## What you are asked to do
Scan the data below for the string "normcM". Copy every line where it appears.

——

Section SplitAllRegimes.
Variables (R : realType) (x u v : R[i]) (L : seq R[i]).
Hypotheses (u1 : normc u != 1) (v1 : normc v != 1) (uv1 : normc (u * v) != 1).
Hypothesis L1 : all (fun q => normc q != 1) L.
(* Needed in the regimes where the disc identity yields one factor only
   through an inverse (with the convention 0^-1 = 0). *)
Hypotheses (B0 : qpoch x [:: u, u * v & L] != 0) (P0 : qpoch (v * x) [:: v, u * v & L] != 0).

Let uV1 := normcV_neq1 u1.
Let vV1 := normcV_neq1 v1.
Let uvV1 := normcV_neq1 uv1.

Let qpoch_split_small_head : normc u < 1 ->
  qpoch x [:: u, v & L] = qpoch x [:: u, u * v & L] * qpoch (v * x) [:: v, u * v & L].
Proof.
move=> u_small; have [v_small | v_big] := normc_neq1P v1; first exact: qpoch_split.
have v0 := normc_gt1_neq0 v_big.
have [uv_small | uv_big] := normc_neq1P uv1.
- have hA : qpoch x [:: u, v & L] = (qpoch (v^-1 * x) [:: v^-1, u & L])^-1.
    by rewrite (qpoch_swap _ u1 v1 L1) (qpoch_inv_head _ _ v_big).
  have hP : qpoch (v * x) [:: v, u * v & L] = (qpoch x [:: u * v, v^-1 & L])^-1.
    by rewrite (qpoch_inv_head _ _ v_big) (mulKf v0) (qpoch_swap _ vV1 uv1 L1).
  have := qpoch_split x uv_small (normcV_lt1 v_big) L1.
  rewrite (mulfK v0) [qpoch x [:: u * v, u & L]](qpoch_swap _ uv1 u1 L1) => K.
  by rewrite hA hP K invfM mulrA (divff B0) mul1r.
- have u0 : u != 0 by apply: contraTneq uv_big => ->; rewrite mul0r Normc.normc0 ltr10.
  set y := (u * v)^-1 * x.
  have hA : qpoch x [:: u, v & L] = (qpoch (v^-1 * x) [:: u, v^-1 & L])^-1.
    by rewrite (qpoch_swap _ u1 v1 L1) (qpoch_inv_head _ _ v_big) (qpoch_swap _ vV1 u1 L1).
  have hB : qpoch x [:: u, u * v & L] = (qpoch y [:: (u * v)^-1, u & L])^-1.
    by rewrite (qpoch_swap _ u1 uv1 L1) (qpoch_inv_head _ _ uv_big).
  have hP : qpoch (v * x) [:: v, u * v & L] = qpoch y [:: (u * v)^-1, v^-1 & L].
    rewrite (qpoch_inv_head _ _ v_big) (mulKf v0) (qpoch_swap _ vV1 uv1 L1).
    by rewrite (qpoch_inv_head _ _ uv_big) invrK.
  have := qpoch_split y (normcV_lt1 uv_big) u_small L1.
  have -> : (u * v)^-1 * u = v^-1 by field; rewrite ?u0 ?v0.
  have -> : u * y = v^-1 * x by rewrite /y; field; rewrite ?u0 ?v0.
  have P0' : qpoch y [:: (u * v)^-1, v^-1 & L] != 0 by rewrite -hP.
  by move=> K; rewrite hA hB hP K invfM mulrAC (mulVf P0') mul1r.
Qed.

Let qpoch_split_big_head : 1 < normc u ->
  qpoch x [:: u, v & L] = qpoch x [:: u, u * v & L] * qpoch (v * x) [:: v, u * v & L].
Proof.
move=> u_big; have u0 := normc_gt1_neq0 u_big.
rewrite [qpoch x [:: u, v & L]](qpoch_inv_head _ _ u_big).
rewrite [qpoch x [:: u, u * v & L]](qpoch_inv_head _ _ u_big).
have [v_small | v_big] := normc_neq1P v1.
  have [uv_small | uv_big] := normc_neq1P uv1.
  - have := qpoch_split (u^-1 * x) (normcV_lt1 u_big) uv_small L1.
    have -> : u * v * (u^-1 * x) = v * x by field; rewrite ?u0.
    rewrite (mulKf u0) [qpoch (v * x) _](qpoch_swap _ uv1 v1 L1) => K.
    by rewrite K invfM -mulrA (mulVf P0) mulr1.
  - have v0 : v != 0 by apply: contraTneq uv_big => ->; rewrite mulr0 Normc.normc0 ltr10.
    set y := u^-1 * x.
    have hB : qpoch y [:: u^-1, u * v & L] =
              (qpoch ((u * v)^-1 * y) [:: (u * v)^-1, u^-1 & L])^-1.
      by rewrite (qpoch_swap _ uV1 uv1 L1) (qpoch_inv_head _ _ uv_big).
    have hP : qpoch (v * x) [:: v, u * v & L] = (qpoch y [:: v, (u * v)^-1 & L])^-1.
      rewrite (qpoch_swap _ v1 uv1 L1) (qpoch_inv_head _ _ uv_big) (qpoch_swap _ uvV1 v1 L1).
      by congr (qpoch _ _)^-1; rewrite /y; field; rewrite ?u0 ?v0.
    have := qpoch_split y v_small (normcV_lt1 uv_big) L1.
    have -> : v * (u * v)^-1 = u^-1 by field; rewrite ?u0 ?v0.
    have B0' : qpoch ((u * v)^-1 * y) [:: (u * v)^-1, u^-1 & L] != 0.
      by move: B0; rewrite (qpoch_inv_head _ _ u_big) hB invrK.
    move=> K; rewrite hB hP invrK K (qpoch_swap _ uV1 v1 L1).
    by rewrite (invfM (qpoch y _)) mulrCA (divff B0') mulr1.
have v0 := normc_gt1_neq0 v_big.
have uv_big : 1 < normc (u * v) by rewrite Normc.normcM (mulr_egt1 u_big v_big).
set y := (u * v)^-1 * x.
have := qpoch_split y (normcV_lt1 v_big) (normcV_lt1 u_big) L1.
rewrite -invfM [v * u]mulrC => K.
rewrite (qpoch_swap _ uV1 v1 L1) (qpoch_inv_head _ _ v_big) invrK mulrA -invfM [v * u]mulrC.
rewrite (qpoch_swap _ uV1 uv1 L1) (qpoch_inv_head _ _ uv_big) invrK mulrCA.
rewrite (qpoch_swap _ uvV1 uV1 L1) (qpoch_inv_head _ _ v_big) (mulKf v0).
rewrite (qpoch_swap _ vV1 uv1 L1) (qpoch_inv_head _ _ uv_big) invrK (qpoch_swap _ uvV1 vV1 L1).
by rewrite K; apply: mulrC.
Qed.

Lemma qpoch_split_nonunit :
  qpoch x [:: u, v & L] = qpoch x [:: u, u * v & L] * qpoch (v * x) [:: v, u * v & L].
Proof.
by have [/qpoch_split_small_head | /qpoch_split_big_head] := normc_neq1P u1.
Qed.

End SplitAllRegimes.

Section ExponentialParametrization.
Variable R : realType.
Implicit Types w : R[i].

Lemma normc_e2pi w : normc (e2pi w) = expR (- (2 * pi * complex.Im w)).
Proof.
rewrite /e2pi Normc.normcM {2}/Normc.normc /= cos2Dsin2 sqrtr1 mulr1.
by rewrite /Normc.normc /= expr0n /= addr0 sqrtr_sqr ger0_norm ?expR_ge0.
Qed.

Lemma e2pi_neq0 w : e2pi w != 0.
Proof.
apply: contraTneq (expR_gt0 (- (2 * pi * complex.Im w))) => w0.
by rewrite -normc_e2pi w0 Normc.normc0 ltxx.
Qed.

Lemma normc_e2pi_neq1 w : complex.Im w != 0 -> normc (e2pi w) != 1.
Proof.
move=> Imw; rewrite normc_e2pi -expR0 (inj_eq (@expR_inj R)) oppr_eq0.
by rewrite !mulf_neq0 ?pnatr_eq0 // gt_eqF ?pi_gt0.
Qed.

Lemma normc_e2piM w w' : normc (e2pi w * e2pi w') = normc (e2pi (w + w')).
Proof.
rewrite Normc.normcM !normc_e2pi -expRD; congr expR.
by case: w w' => [a b] [c d] /=; ring.
Qed.

End ExponentialParametrization.

Theorem proposition2p2 (R : realType) (z w0 w1 : R[i]) (ws : seq R[i]) :
  complex.Im w0 != 0 -> complex.Im w1 != 0 -> complex.Im (w0 + w1) != 0 ->
  all (fun w => complex.Im w != 0) ws ->
  let x := e2pi z in
  let q0 := e2pi w0 in
  let q1 := e2pi w1 in
  let qs := [seq e2pi w | w <- ws] in
  qpoch x [:: q0, q0 * q1 & qs] != 0 ->
  qpoch x [:: q1^-1, q0 * q1 & qs] != 0 ->
  qpoch x [:: q0, q1 & qs] / qpoch x [:: q0, q0 * q1 & qs]
    = (qpoch x [:: q1^-1, q0 * q1 & qs])^-1.
Proof.
move=> Im0 Im1 Im01 Imws x q0 q1 qs B0 C0.
have qs1 : all (fun q => normc q != 1) qs.
  by apply/allP => _ /mapP[w wws ->]; apply/normc_e2pi_neq1/(allP Imws).
have q01 : normc (q0 * q1) != 1 by rewrite normc_e2piM normc_e2pi_neq1.
have P_eq := qpoch_inv_head_sym x [:: q0 * q1 & qs] (e2pi_neq0 w1) (normc_e2pi_neq1 Im1).
have P0 : qpoch (q1 * x) [:: q1, q0 * q1 & qs] != 0 by rewrite P_eq invr_eq0.
rewrite -P_eq (qpoch_split_nonunit (normc_e2pi_neq1 Im0) (normc_e2pi_neq1 Im1) q01 qs1 B0 P0).
by rewrite mulrC mulKf.
Qed.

——

## Result of the task
have uv_big : 1 < normc (u * v) by rewrite Normc.normcM (mulr_egt1 u_big v_big).
rewrite /e2pi Normc.normcM {2}/Normc.normc /= cos2Dsin2 sqrtr1 mulr1.
rewrite Normc.normcM !normc_e2pi -expRD; congr expR.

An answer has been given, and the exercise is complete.